━━━ Data for this exercise

(* Assume the $abc$-conjecture. Then there is an absolute constant $C>0$ such that for every real $x > C$ and every real $y$ with $1 \le y \le x^{0.2}$, there do not exist squarefull integers $n_1<n_2<n_3$ in the interval $(x, x+y]$ with $n_1+n_3 = 2n_2$ (i.e. the squarefull numbers in $(x,x+y]$ contain no non-trivial three-term arithmetic progression).
   Context: A positive integer $n$ is squarefull if every prime $p$ dividing $n$ satisfies $p^2\mid n$. For a nonzero integer $m$, $\kappa(m)=\prod_{p\mid m} p$. The $abc$-conjecture is the statement: for every $\epsilon>0$ there is a constant $C_\epsilon>0$ such that for all integers $a,b,c$ with $a+b=c$ and $\gcd(a,b)=1$, one has $\max\{|a|,|b|,|c|\} \le C_\epsilon\, \kappa(abc)^{1+\epsilon}$. *)

From Stdlib Require Import ZArith Znumtheory Reals List.
Open Scope Z_scope.

Definition Zprimeb (p : Z) : bool := if prime_dec p then true else false.

(* kappa(m) = product of the (positive) primes dividing m. Intended for m <> 0. *)
Definition kappa (m : Z) : Z :=
  fold_right Z.mul 1
    (filter (fun p => andb (Zprimeb p) (Z.rem m p =? 0))
            (map Z.of_nat (seq 0 (S (Z.abs_nat m))))).

Definition squarefull (n : Z) : Prop :=
  0 < n /\ forall p : Z, prime p -> (p | n) -> (p * p | n).

Definition abc_conjecture : Prop :=
  forall eps : R, (0 < eps)%R ->
    exists C : R, (0 < C)%R /\
      forall a b c : Z, a + b = c -> Z.gcd a b = 1 -> a * b * c <> 0 ->
        (IZR (Z.max (Z.abs a) (Z.max (Z.abs b) (Z.abs c)))
           <= C * Rpower (IZR (kappa (a * b * c))) (1 + eps))%R.

(* Write the progression as n1 = h m1, n2 = h (m1 + e), n3 = h (m1 + 2e) with m1, m1 + e coprime;
   then m1 (m1 + 2e) + e^2 = (m1 + e)^2 is a coprime abc triple.  Every prime of its radical K
   divides some ni or e, and squarefullness puts its square into n1 n2 n3 e^2, so
   K^2 <= n1 n2 n3 e^2 <= (2x)^3 e^2.  abc with exponent 21/20 bounds (m1 + e)^2 by C0 K^(21/20);
   combined with x < h (m1 + e) and 2 h e = n3 - n1 < y <= x^(1/5), this gives x^(1/40) < C0. *)
From Stdlib Require Import ZArith Znumtheory Reals List FinFun Lia Lra.
Open Scope Z_scope.

Lemma rel_prime_add_mul a b k : rel_prime a b -> rel_prime (a + k * b) b.
Proof.
  intros Hab. apply rel_prime_bezout in Hab as [u v Huv].
  apply bezout_rel_prime. apply (Bezout_intro _ _ _ u (v - u * k)). lia.
Qed.

Lemma rel_prime_mul_divide a b N : (a | N) -> (b | N) -> rel_prime a b -> (a * b | N).
Proof.
  intros [k ->] Hb Hab.
  assert (Hbk : (b | k)) by (apply Gauss with a; [rewrite Z.mul_comm | apply rel_prime_sym]; auto).
  destruct Hbk as [j ->]. exists j; ring.
Qed.

Lemma rel_prime_mul_sq a b c : rel_prime a c -> rel_prime b c -> rel_prime (a * b) (c * c).
Proof.
  intros Hac Hbc. apply rel_prime_sym, rel_prime_mult;
    apply rel_prime_sym, rel_prime_mult; auto using rel_prime_sym.
Qed.

Lemma rel_prime_prod p l : prime p -> ~ In p l -> (forall q, In q l -> prime q) ->
  rel_prime p (fold_right Z.mul 1 l).
Proof.
  intros Hp. induction l as [|a l IH]; simpl; intros Hnin Hl.
  - apply rel_prime_sym, rel_prime_1.
  - apply rel_prime_mult; [|apply IH; auto].
    apply prime_rel_prime; auto. intros Hpa.
    apply Hnin; left; symmetry; apply prime_div_prime; auto.
Qed.

Lemma prod_primes_sq_divide l N : NoDup l -> (forall q, In q l -> prime q /\ (q * q | N)) ->
  (fold_right Z.mul 1 l * fold_right Z.mul 1 l | N).
Proof.
  induction l as [|p l IH]; simpl; intros Hnd Hl.
  - apply Z.divide_1_l.
  - inversion Hnd as [|? ? Hnin Hnd']; subst.
    destruct (Hl p (or_introl eq_refl)) as [Hp Hpp].
    set (P := fold_right Z.mul 1 l).
    assert (HPP : (P * P | N)) by (apply IH; auto).
    assert (HpP : rel_prime p P).
    { apply rel_prime_prod; auto. intros q Hq; apply (Hl q (or_intror Hq)). }
    replace (p * P * (p * P)) with ((p * p) * (P * P)) by ring.
    apply rel_prime_mul_divide, rel_prime_mul_sq; auto.
Qed.

Lemma in_kappa_factors m q :
  In q (filter (fun p => andb (Zprimeb p) (Z.rem m p =? 0))
               (map Z.of_nat (seq 0 (S (Z.abs_nat m))))) ->
  prime q /\ (q | m).
Proof.
  intros Hq. apply filter_In in Hq as [_ Hf].
  unfold Zprimeb in Hf. destruct (prime_dec q) as [Hp|]; [|discriminate].
  apply Z.eqb_eq in Hf. split; auto.
  apply Z.rem_divide; auto. pose proof (prime_ge_2 q Hp); lia.
Qed.

Lemma kappa_ge1 m : 1 <= kappa m.
Proof.
  unfold kappa. pose proof (in_kappa_factors m) as Hin. revert Hin.
  generalize (filter (fun p => andb (Zprimeb p) (Z.rem m p =? 0))
                     (map Z.of_nat (seq 0 (S (Z.abs_nat m))))).
  induction l as [|a l IH]; simpl; intros Hin; [lia|].
  pose proof (prime_ge_2 a (proj1 (Hin a (or_introl eq_refl)))).
  assert (1 <= fold_right Z.mul 1 l) by (apply IH; auto). nia.
Qed.

Lemma kappa_sq_divide m N : (forall p, prime p -> (p | m) -> (p * p | N)) ->
  (kappa m * kappa m | N).
Proof.
  intros HN. apply prod_primes_sq_divide.
  - apply NoDup_filter, Injective_map_NoDup; [intros a b; lia | apply seq_NoDup].
  - intros q Hq. destruct (in_kappa_factors m q Hq). auto.
Qed.

Lemma ap_coprime_decomposition n1 n2 n3 : 0 < n1 -> n1 < n2 -> n1 + n3 = 2 * n2 ->
  exists h m1 e, 1 <= h /\ 1 <= m1 /\ 1 <= e /\
    n1 = h * m1 /\ n2 = h * (m1 + e) /\ n3 = h * (m1 + e + e) /\ rel_prime m1 (m1 + e).
Proof.
  intros Hn1 H12 Hsum.
  set (h := Z.gcd n1 n2).
  assert (Hh : 0 < h).
  { assert (h <> 0) by (intros E; apply Z.gcd_eq_0 in E; lia).
    pose proof (Z.gcd_nonneg n1 n2). lia. }
  destruct (Z.gcd_divide_l n1 n2) as [m1 Hm1].
  destruct (Z.gcd_divide_r n1 n2) as [m2 Hm2].
  fold h in Hm1, Hm2.
  assert (Hcop : Z.gcd m1 m2 = 1).
  { pose proof (Z.gcd_div_gcd n1 n2 h ltac:(lia) eq_refl) as G.
    rewrite Hm1, Hm2 in G at 1. rewrite !Z.div_mul in G by lia. exact G. }
  exists h, m1, (m2 - m1).
  replace (m1 + (m2 - m1)) with m2 by ring.
  assert (rel_prime m1 m2) by (apply Zgcd_1_rel_prime; auto).
  repeat (split; [nia|]). auto.
Qed.

Lemma ap_abc_coprime m1 e : rel_prime m1 (m1 + e) -> Z.gcd (m1 * (m1 + e + e)) (e * e) = 1.
Proof.
  intros H12.
  assert (He1 : rel_prime e m1).
  { replace e with ((m1 + e) + (-1) * m1) by ring.
    apply rel_prime_add_mul, rel_prime_sym; auto. }
  assert (H3e : rel_prime (m1 + 2 * e) e) by (apply rel_prime_add_mul, rel_prime_sym; auto).
  replace (m1 + e + e) with (m1 + 2 * e) by ring.
  apply Zgcd_1_rel_prime, rel_prime_mul_sq; auto using rel_prime_sym.
Qed.

Lemma squarefull_ap_kappa_sq_divide h m1 m2 m3 e :
  squarefull (h * m1) -> squarefull (h * m2) -> squarefull (h * m3) ->
  (kappa (m1 * m3 * (e * e) * (m2 * m2)) * kappa (m1 * m3 * (e * e) * (m2 * m2))
     | h * m1 * (h * m2) * (h * m3) * (e * e)).
Proof.
  intros S1 S2 S3. apply kappa_sq_divide. intros p Hp Hpm.
  assert (Hsf : forall m, squarefull (h * m) -> (p | m) -> (p * p | h * m)).
  { intros m [_ Hm] Hpm'. apply Hm, Z.divide_mul_r; auto. }
  assert (Hcases : (p | m1) \/ (p | m3) \/ (p | e) \/ (p | m2)).
  { repeat (apply prime_mult in Hpm as [Hpm|Hpm]; auto). }
  destruct Hcases as [H|[H|[H|H]]].
  - apply Z.divide_mul_l, Z.divide_mul_l, Z.divide_mul_l; auto.
  - apply Z.divide_mul_l, Z.divide_mul_r; auto.
  - apply Z.divide_mul_r. destruct H as [k ->]. exists (k * k); ring.
  - apply Z.divide_mul_l, Z.divide_mul_l, Z.divide_mul_r; auto.
Qed.

Open Scope R_scope.

Lemma ln_le x y : 0 < x -> x <= y -> ln x <= ln y.
Proof.
  intros Hx Hxy. destruct (Rle_lt_or_eq_dec _ _ Hxy) as [Hlt|<-]; [|lra].
  left; apply ln_increasing; auto.
Qed.

Lemma ln_ge0 x : 1 <= x -> 0 <= ln x.
Proof. intros Hx. rewrite <- ln_1. apply ln_le; lra. Qed.

Lemma abc_ap_log_bound (C0 x h m2 e K n1 n2 n3 : R) :
  0 < C0 -> 1 < x -> 1 <= h -> 1 <= e -> 1 <= K -> 0 < m2 ->
  0 < n1 -> 0 < n2 -> 0 < n3 -> n1 <= 2 * x -> n2 <= 2 * x -> n3 <= 2 * x ->
  m2 * m2 <= C0 * Rpower K (1 + 1 / 20) -> K * K <= n1 * n2 * n3 * (e * e) ->
  x < h * m2 -> 2 * (h * e) <= Rpower x (2 / 10) ->
  ln x < 40 * ln C0.
Proof.
  intros HC0 Hx Hh He HK Hm2 Hn1 Hn2 Hn3 Hn1x Hn2x Hn3x Habc Hrad Hxm2 Hhe.
  assert (Labc : 2 * ln m2 <= ln C0 + (1 + 1 / 20) * ln K).
  { apply ln_le in Habc; [|nra].
    rewrite ln_mult, ln_mult, ln_Rpower in Habc by (unfold Rpower; auto using exp_pos; lra).
    lra. }
  assert (Lrad : 2 * ln K <= ln n1 + ln n2 + ln n3 + 2 * ln e).
  { apply ln_le in Hrad; [|nra].
    rewrite !ln_mult in Hrad by (repeat apply Rmult_lt_0_compat; lra). lra. }
  assert (Ln : forall n, 0 < n -> n <= 2 * x -> ln n <= ln 2 + ln x).
  { intros n Hn Hnx. rewrite <- ln_mult by lra. apply ln_le; lra. }
  assert (Lx : ln x < ln h + ln m2).
  { rewrite <- ln_mult by lra. apply ln_increasing; lra. }
  assert (Lhe : ln 2 + ln h + ln e <= 2 / 10 * ln x).
  { apply ln_le in Hhe; [|nra].
    rewrite ln_Rpower, !ln_mult in Hhe by (try apply Rmult_lt_0_compat; lra). lra. }
  pose proof (Ln _ Hn1 Hn1x). pose proof (Ln _ Hn2 Hn2x). pose proof (Ln _ Hn3 Hn3x).
  pose proof (ln_ge0 _ He). pose proof (ln_ge0 _ HK).
  pose proof ln_lt_2.
  lra.
Qed.

Theorem mainTheorem8 :
  abc_conjecture ->
  exists C : R, (0 < C)%R /\
    forall x y : R, (C < x)%R -> (1 <= y)%R -> (y <= Rpower x (2 / 10))%R ->
      ~ (exists n1 n2 n3 : Z,
           squarefull n1 /\ squarefull n2 /\ squarefull n3 /\
           (n1 < n2 < n3)%Z /\
           (x < IZR n1)%R /\ (IZR n1 <= x + y)%R /\
           (x < IZR n2)%R /\ (IZR n2 <= x + y)%R /\
           (x < IZR n3)%R /\ (IZR n3 <= x + y)%R /\
           (n1 + n3 = 2 * n2)%Z).
Proof.
  intros abc. destruct (abc (1 / 20) ltac:(lra)) as [C0 [HC0 Habc]].
  exists (exp (40 * Rabs (ln C0))). split; [apply exp_pos|].
  intros x y Hx Hy1 Hy2 [n1 [n2 [n3 [S1 [S2 [S3 [Hlt [A1 [B1 [A2 [B2 [A3 [B3 Hs]]]]]]]]]]]]].
  assert (Hlnx : 40 * Rabs (ln C0) < ln x).
  { rewrite <- (ln_exp (40 * Rabs (ln C0))). apply ln_increasing; auto using exp_pos. }
  assert (Hx1 : 1 < x).
  { apply ln_lt_inv; [lra | pose proof (exp_pos (40 * Rabs (ln C0))); lra |].
    rewrite ln_1. pose proof (Rabs_pos (ln C0)). lra. }
  assert (Hyx : y <= x).
  { rewrite <- (Rpower_1 x) by lra. eapply Rle_trans; [exact Hy2|]. apply Rle_Rpower; lra. }
  assert (Hn : forall n, x < IZR n -> IZR n <= x + y -> 0 < IZR n /\ IZR n <= 2 * x)
    by (intros; lra).
  destruct (Hn n1 A1 B1) as [P1 L1], (Hn n2 A2 B2) as [P2 L2], (Hn n3 A3 B3) as [P3 L3].
  destruct (ap_coprime_decomposition n1 n2 n3 (proj1 S1) (proj1 Hlt) Hs)
    as [h [m1 [e [Hh [Hm1 [He [E1 [E2 [E3 Hcop]]]]]]]]].
  set (K := kappa (m1 * (m1 + e + e) * (e * e) * ((m1 + e) * (m1 + e)))%Z).
  assert (Hprod_pos : (0 < m1 * (m1 + e + e) * (e * e) * ((m1 + e) * (m1 + e)))%Z)
    by (repeat apply Z.mul_pos_pos; lia).
  specialize (Habc (m1 * (m1 + e + e))%Z (e * e)%Z ((m1 + e) * (m1 + e))%Z
                ltac:(ring) (ap_abc_coprime _ _ Hcop) ltac:(lia)).
  assert (Hrad : (K * K <= n1 * n2 * n3 * (e * e))%Z).
  { apply Z.divide_pos_le.
    - destruct S1, S2, S3. repeat apply Z.mul_pos_pos; lia.
    - subst n1 n2 n3. apply squarefull_ap_kappa_sq_divide; auto. }
  enough (ln x < 40 * ln C0) by (pose proof (Rle_abs (ln C0)); lra).
  apply (abc_ap_log_bound C0 x (IZR h) (IZR (m1 + e)) (IZR e) (IZR K) (IZR n1) (IZR n2) (IZR n3));
    rewrite <- ?mult_IZR; try (apply IZR_le || apply IZR_lt); auto; try lia; try lra.
  - apply kappa_ge1.
  - eapply Rle_trans; [|exact Habc]. apply IZR_le.
    rewrite (Z.abs_eq ((m1 + e) * (m1 + e))) by nia. lia.
  - rewrite <- E2; auto.
  - replace (2 * (h * e))%Z with (n3 - n1)%Z by lia. rewrite minus_IZR. lra.
Qed.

━━━━━━

# Task item:
If the word "Hrad" is on a line above, return that line.

# Exercise output:
  intros HC0 Hx Hh He HK Hm2 Hn1 Hn2 Hn3 Hn1x Hn2x Hn3x Habc Hrad Hxm2 Hhe.
  { apply ln_le in Hrad; [|nra].
    rewrite !ln_mult in Hrad by (repeat apply Rmult_lt_0_compat; lra). lra. }
  assert (Hrad : (K * K <= n1 * n2 * n3 * (e * e))%Z).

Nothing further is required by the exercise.